I am in the process of making some built in cabinets and just drilled a series of shelf pin holes in the first base cabinet carcase. Unfortunately, the plywood had a bit of a void where my pin holes ended up so when I sanded - the plywood collapsed a little.










No big deal since I can flip that side so it will never be seen since it will be up against a wall.

My question is - after flipping the board to the other side and using my hole drilling jig, I ended up with the holes pins matching perfectly with the original side - so now I have two holes that go all the way through the board.

Any issue with this ? I stopped after these 2 holes - so I can recover a few different ways if need be - but anyone see any issue with having holes that line up and therefore are all the way through?

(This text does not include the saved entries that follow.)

Definition int_to_infty (h : R -> R) (a : R) : R :=
  RInt_gen h (at_point a) (Rbar_locally p_infty).

Fixpoint iter_pair (fY : R -> R) (s : nat) : (R -> R) * R :=
  match s with
  | O => (fY, 1)
  | S s' =>
      let (T, m) := iter_pair fY s' in
      let T' := fun x => / m * int_to_infty T x in
      (T', int_to_infty T' 0)
  end.

Definition Tbar (fY : R -> R) (s : nat) : R -> R := fst (iter_pair fY s).
Definition mu (fY : R -> R) (s : nat) : R := snd (iter_pair fY s).

(* density of the s-iterated distribution (s >= 1): Tbar_{Y,s-1} / mu_{Y,s-1} *)
Definition iter_density (fY : R -> R) (s : nat) : R -> R :=
  fun x => Tbar fY (pred s) x / mu fY (pred s).

Definition conv (g h : R -> R) (x : R) : R :=
  RInt (fun t => g t * h (x - t)) 0 x.

Definition exp_density (lam : R) (x : R) : R :=
  if Rle_dec 0 x then lam * exp (- lam * x) else 0.

Definition gamma_density (k : nat) (lam : R) (x : R) : R :=
  if Rle_dec 0 x then lam ^ k * x ^ (k - 1) * exp (- lam * x) / INR (Factorial.fact (k - 1))
  else 0.

Definition f_iter_conv (lam : R) (s k : nat) : R -> R :=
  iter_density (gamma_density k lam) s.

(* For X ~ Gamma(m+1, lam), the s-th iterated tail of X is proportional on [0, oo) to the
   s-fold cumulative sum P_{s,m} of the Poisson weights e^(-lam x) (lam x)^j / j!, because
   P_{s+1,m}' = -lam P_{s,m} and P_{s+1,m} vanishes at infinity; the normalising constant is
   P_{s,m}(0) = binom(m+s-1, s-1).  Convolving with the exponential density raises m by one,
   up to a boundary term proportional to the exponential density itself, and Pascal's rule
   for the normalising constants yields the weights (n-1)/(n+s-2) and (s-1)/(n+s-2). *)

From Stdlib Require Import Reals Lra Lia Factorial FunctionalExtensionality.
From Coquelicot Require Import Coquelicot.
Open Scope R_scope.

Section PoissonWeights.

Variable lam : R.

Definition poisson_weight (j : nat) (x : R) : R :=
  (lam * x) ^ j / INR (fact j) * exp (- lam * x).

(* [poisson_cumsum 1 m x] is P(Poisson(lam x) <= m), i.e. the tail of Gamma(m+1, lam) at x;
   each further level takes partial sums in [m] once more. *)
Fixpoint poisson_cumsum (k m : nat) (x : R) : R :=
  match k with
  | O => poisson_weight m x
  | S k' => sum_n (fun i => poisson_cumsum k' i x) m
  end.

Lemma poisson_weight_O_at0 : poisson_weight 0 0 = 1.
Proof. unfold poisson_weight. rewrite !Rmult_0_r, exp_0. simpl. field. Qed.

Lemma poisson_weight_S_at0 j : poisson_weight (S j) 0 = 0.
Proof. unfold poisson_weight. rewrite Rmult_0_r. simpl. unfold Rdiv. ring. Qed.

Lemma poisson_weight_O_derive x :
  is_derive (poisson_weight 0) x (- lam * poisson_weight 0 x).
Proof. unfold poisson_weight. auto_derive; auto. simpl. field. Qed.

Lemma poisson_weight_S_derive j x :
  is_derive (poisson_weight (S j)) x
    (lam * poisson_weight j x - lam * poisson_weight (S j) x).
Proof.
  unfold poisson_weight. rewrite fact_simpl, mult_INR, S_INR.
  pose proof (INR_fact_lt_0 j). pose proof (pos_INR j).
  auto_derive; [split; auto; apply Rgt_not_eq; nra|].
  change (match j with 0%nat => 1 | S _ => INR j + 1 end) with (INR (S j)).
  rewrite S_INR. simpl pow. field. lra.
Qed.

Lemma poisson_weight_ge0 j x : 0 <= lam * x -> 0 <= poisson_weight j x.
Proof.
  intro H. unfold poisson_weight. apply Rmult_le_pos; [|left; apply exp_pos].
  apply Rdiv_le_0_compat; [apply pow_le; lra | apply INR_fact_lt_0].
Qed.
Lemma bisector_projection (ux uy wx wy nx ny : R) :
  ux^2 + uy^2 = 1 -> wx^2 + wy^2 = 1 -> 0 < nx^2 + ny^2 ->
  (ux + wx)*ny - (uy + wy)*nx = 0 ->
  ux*nx + uy*ny = wx*nx + wy*ny \/ (ux + wx = 0 /\ uy + wy = 0).
Proof.
  intros U W Hn Hcross.
  assert (Id : (nx^2 + ny^2)*((ux^2 + uy^2) - (wx^2 + wy^2)) =
    ((ux - wx)*nx + (uy - wy)*ny)*((ux + wx)*nx + (uy + wy)*ny)
    + ((ux - wx)*ny - (uy - wy)*nx)*((ux + wx)*ny - (uy + wy)*nx)) by ring.
  rewrite U, W, Hcross in Id.
  destruct (Rmult_integral ((ux - wx)*nx + (uy - wy)*ny) ((ux + wx)*nx + (uy + wy)*ny))
    as [Hd|Hs]; [lra | left; lra | right].
  apply sum_sq_eq0.
  assert (Z : (nx^2 + ny^2)*((ux + wx)^2 + (uy + wy)^2) = 0).
  { replace ((nx^2 + ny^2)*((ux + wx)^2 + (uy + wy)^2)) with
      (((ux + wx)*nx + (uy + wy)*ny)^2 + ((ux + wx)*ny - (uy + wy)*nx)^2) by ring.
    rewrite Hs, Hcross. ring. }
  destruct (Rmult_integral _ _ Z); [lra | assumption].
Qed.

Lemma ellipse_circle_coords (a b : R) (P : pt) : 0 < a -> 0 < b ->
  on_ellipse a b P -> exists X Y, P = (a*X, b*Y) /\ X^2 + Y^2 = 1.
Proof.
  intros Ha Hb HP. destruct P as [x y]. unfold on_ellipse in HP; simpl in HP.
  exists (x/a), (y/b). split.
  - f_equal; field; lra.
  - rewrite <- HP. field; lra.
Qed.

Lemma scaled_neq (a b Xi Yi Xj Yj : R) :
  (a*Xi, b*Yi) <> (a*Xj, b*Yj) -> (Xi, Yi) <> (Xj, Yj).
Proof. intros N E. injection E as -> ->. exact (N eq_refl). Qed.

Lemma circle_gap (Xi Yi Xj Yj : R) : Xi^2 + Yi^2 = 1 -> Xj^2 + Yj^2 = 1 ->
  (Xi, Yi) <> (Xj, Yj) -> 0 < 1 - (Xi*Xj + Yi*Yj).
Proof.
  intros Ui Uj N.
  assert (E : 2*(1 - (Xi*Xj + Yi*Yj)) = (Xi - Xj)^2 + (Yi - Yj)^2) by lra.
  destruct (Rle_or_lt (1 - (Xi*Xj + Yi*Yj)) 0) as [Hle|Hlt]; [exfalso|exact Hlt].
  pose proof (pow2_ge_0 (Xi - Xj)). pose proof (pow2_ge_0 (Yi - Yj)).
  destruct (sum_sq_eq0 (Xi - Xj) (Yi - Yj)) as [EX EY]; [lra|].
  apply N. f_equal; lra.
Qed.

Lemma circle_antigap (Xi Yi Xj Yj : R) : Xi^2 + Yi^2 = 1 -> Xj^2 + Yj^2 = 1 ->
  0 <= 1 + (Xi*Xj + Yi*Yj).
Proof.
  intros Ui Uj. pose proof (pow2_ge_0 (Xi + Xj)). pose proof (pow2_ge_0 (Yi + Yj)). lra.
Qed.

Lemma scaled_dist_sq (a b Xi Yi Xj Yj : R) : Xi^2 + Yi^2 = 1 -> Xj^2 + Yj^2 = 1 ->
  dist2 (a*Xi, b*Yi) (a*Xj, b*Yj) ^ 2 =
  (1 - (Xi*Xj + Yi*Yj)) * (a^2*(1 - (Xi*Xj - Yi*Yj)) + b^2*(1 + (Xi*Xj - Yi*Yj))).
Proof.
  intros Ui Uj. rewrite dist2_sq; cbn [fst snd].
  assert (Yi^2 = 1 - Xi^2) by lra. assert (Yj^2 = 1 - Xj^2) by lra.
  ring [H H0].
Qed.

Lemma scaled_dist_pos (a b Xi Yi Xj Yj : R) : 0 < a -> 0 < b ->
  Xi^2 + Yi^2 = 1 -> Xj^2 + Yj^2 = 1 -> (Xi, Yi) <> (Xj, Yj) ->
  0 < dist2 (a*Xi, b*Yi) (a*Xj, b*Yj).
Proof.
  intros Ha Hb Ui Uj N.
  pose proof (circle_gap _ _ _ _ Ui Uj N) as Gap.
  pose proof (scaled_dist_sq a b _ _ _ _ Ui Uj) as D.
  set (c := Xi*Xj - Yi*Yj) in D.
  assert (Cm : 0 <= 1 - c).
  { pose proof (pow2_ge_0 (Xi - Xj)). pose proof (pow2_ge_0 (Yi + Yj)). unfold c; lra. }
  assert (Cp : 0 <= 1 + c).
  { pose proof (pow2_ge_0 (Xi + Xj)). pose proof (pow2_ge_0 (Yi - Yj)). unfold c; lra. }
  assert (Epos : 0 < a^2*(1 - c) + b^2*(1 + c)).
  { pose proof (pow_lt a 2 Ha). pose proof (pow_lt b 2 Hb).
    destruct (Rle_or_lt c 0); nra. }
  assert (0 <= dist2 (a*Xi, b*Yi) (a*Xj, b*Yj)) by apply sqrt_pos.
  nra.
Qed.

The shelves will not be supporting anything really heavy.

Thanks in advance.


----------



## Loren (May 30, 2008)

I wouldn't worry about it.


----------



## TheFridge (May 1, 2014)

Yup


----------



## AlaskaGuy (Jan 29, 2012)

Redundant answer….......I wouldn't worry about it but maybe reassuring to you.


----------



## Kazooman (Jan 20, 2013)

No reason to worry, but if it bothers you, just plug the originals before you drill the new ones.


----------



## MrRon (Jul 9, 2009)

As long as the pin fits tightly in the hole; no problem. Reason: The vertical component of the load is the weight of the shelf and it's contents divided by 4 (the number of pins). The horizontal component of the load is zero.


----------



## ArtMann (Mar 1, 2016)

You might take note of where you bought your plywood and avoid that source in the future. I once bought a sheet of fairly expensive Birch plywood from Lowes to construct a pair of matching painted bookcases. After ripping the pieces to width, I started to cut 1/4 inch dadoes for the shelves. The inner layers were so rotten that the material just fell apart. Nowadays, I hesitate to buy any sheet goods from a big box store, no matter what they look like.


----------